Crude-oil futures headed modestly higher on Friday but were on pace to halt a streak of six weekly gains, as worries about oversupply, combined with fears of a resurgence of the coronavirus in the U.S., knocked crude values down.

“Should the spike in Covid-19 cases in some US states gather momentum and derail the economic recovery, that could clear the path towards lower prices for crude,” wrote Han Tan, market analyst at FXTM, in a Friday research note.

West Texas Intermediate crude for July delivery, the U.S. benchmark, edge up 17 cents, or 0.5%, at $36.51 a barrel, after the contract tumbled 8.2% on Thursday to mark its sharpest one-day fall since April 27 with the lowest settlement since June 1, according to Dow Jones Market Data.

Global benchmark Brent oil for August delivery picked up 32 cents, or 0.8%, at $38.87 a barrel on ICE Futures Europe, following a 7.6% plunge, its steepest such slide since April 21, that also took it to its lowest level since June 1.

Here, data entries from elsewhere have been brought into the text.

(* [Kp n : Lam (n+1)] = |a_d|: with y as in Kp_fractional, x - (-j y) is
   integral at n exactly when j = a_d x_n mod a_d, so the vectors -j y with
   0 <= j < |a_d| represent the cosets. *)
Lemma index_Lam_Kp n : primitive_poly A -> (d <= n)%N -> (n < m)%N ->
  has_index (Lam n.+1) (Kp n) `|lead_coef A|%N.
Proof.
move=> primA hdn hnm.
have [y Ky [t yn]] := Kp_fractional primA hdn hnm.
set a := lead_coef A; have a_neq0 : a != 0 by rewrite lead_coef_eq0.
have vc_yMn (j : nat) : vc (y *+ j) n = (t *+ j)%:~R - j%:R / ad.
  by rewrite vcMn yn mulrnBl rmorphMn mulr_natl.
exists (fun j : 'I_`|a|%N => - (y *+ j)); split.
  by move=> j; apply: (subgroupN (subgroup_Kp n)); apply: subgroupMn (subgroup_Kp n) _.
split=> [x Kx | i j].
  have [T aT] := intrP (Kp_lead_int hdn Kx).
  have r_ge0 : 0 <= (T %% a)%Z := modz_ge0 _ a_neq0.
  have r_lt : (`|(T %% a)%Z|%N < `|a|%N)%N.
    by rewrite -ltz_nat gez0_abs // abszE ltz_mod.
  exists (Ordinal r_lt); rewrite opprK; apply/Lam_S; split.
    by apply: (subgroupD (subgroup_Kp n) Kx); apply: subgroupMn (subgroup_Kp n) _.
  have xn : vc x n = ((T %/ a)%Z * a + `|(T %% a)%Z|%N)%:~R / ad.
    by rewrite gez0_abs // -divz_eq -aT mulrC mulKf ?ad_neq0.
  rewrite vcD vc_yMn /= xn intrD mulrDl intrM mulfK ?ad_neq0 //.
  by rewrite addrACA subrr addr0 rpredD ?intr_int.
move=> /Lam_S [_]; rewrite vcB !vcN opprK addrC !vc_yMn => ij_int.
have : (j%:R - i%:R) / ad \is a Num.int.
  suff -> : (j%:R - i%:R) / ad = (t *+ j - t *+ i)%:~R -
      ((t *+ j)%:~R - j%:R / ad - ((t *+ i)%:~R - i%:R / ad)).
    by rewrite rpredB ?intr_int.
  by rewrite intrB; ring.
case/intrP => q hq; apply/val_inj/(eq_nat_of_dvdz (ltn_ord i) (ltn_ord j)).
apply/dvdzP; exists q; apply: (@intr_inj rat).
by rewrite intrM -hq intrB divfK ?ad_neq0.
Qed.

Lemma index_Lam_Th k : primitive_poly A -> (d + k <= m)%N ->
  has_index (Lam (d + k)) (Th (d + k)) (`|lead_coef A| ^ k)%N.
Proof.
move=> primA; elim: k => [|k IH] hk.
  rewrite addn0; exists (fun=> 0); split; first by move=> _; exact: (subgroup_Th d).1.
  split; first by move=> x [ix rx]; exists ord0; rewrite subr0; split.
  by move=> i j _; rewrite !ord1.
have hn : (d + k < m)%N by rewrite addnS in hk.
have hdn : (d <= d + k)%N := leq_addr k d.
rewrite addnS expnSr.
apply: (@has_index_tower _ _ (Kp (d + k))).
- exact: subgroup_Kp.
- exact: subgroup_Th.
- by move=> x /Lam_Kp.
- by move=> x; apply: Kp_Th.
- by apply: index_Kp_Th => //; apply: IH; apply: ltnW.
- exact: index_Lam_Kp.
Qed.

For the week, WTI is poised for a weekly slide of 7.5%, while Brent was looking at a decline of 8%. 
A decline for either would represent the first since the week ended April 24, according to FactSet data.

Thursday’s “risk aversion in the markets prompted crude oil to unwind most of its month-to-date gains as it slipped below the psychologically important $35/bbl level before retracing,” Tan wrote.

Worries about the outlook for the economy and consumer and business demand for energy in the aftermath of the COVID-19 pandemic have weighed on crude prices.

“Oil markets are looking past the recent extension to the OPEC+ supply cuts, as demand-side uncertainties return to the fore,” the FXTM analyst said.

Indeed, the International Monetary Fund’s Gita Gopinath said that the global economy is recovering more slowly than expected and faces “significant scarring,” Bloomberg News reported.

Worries of a resurgence of the pandemic has added to recent concerns about the ability of the Organization of the Petroleum Exporting Countries and its allies, in a group known as OPEC+, to curtail global production by 9.7 million barrels a day through July.

Despite the worries, analysts at Barclays remain bullish on the outlook for the oil market, even if they expect the pace of recovery from the depths of oil’s rout in April to slow.

“As we mark to market our [second quarter] estimates and account for a potentially larger [second half] deficit, we raise our 2020 oil price forecasts by $4/b but remain cautious with respect to the curve over the near term,” wrote Amarpreet Singh, vice president of oil strategy at Barclays, in a late Thursday research note, referring to Brent oil.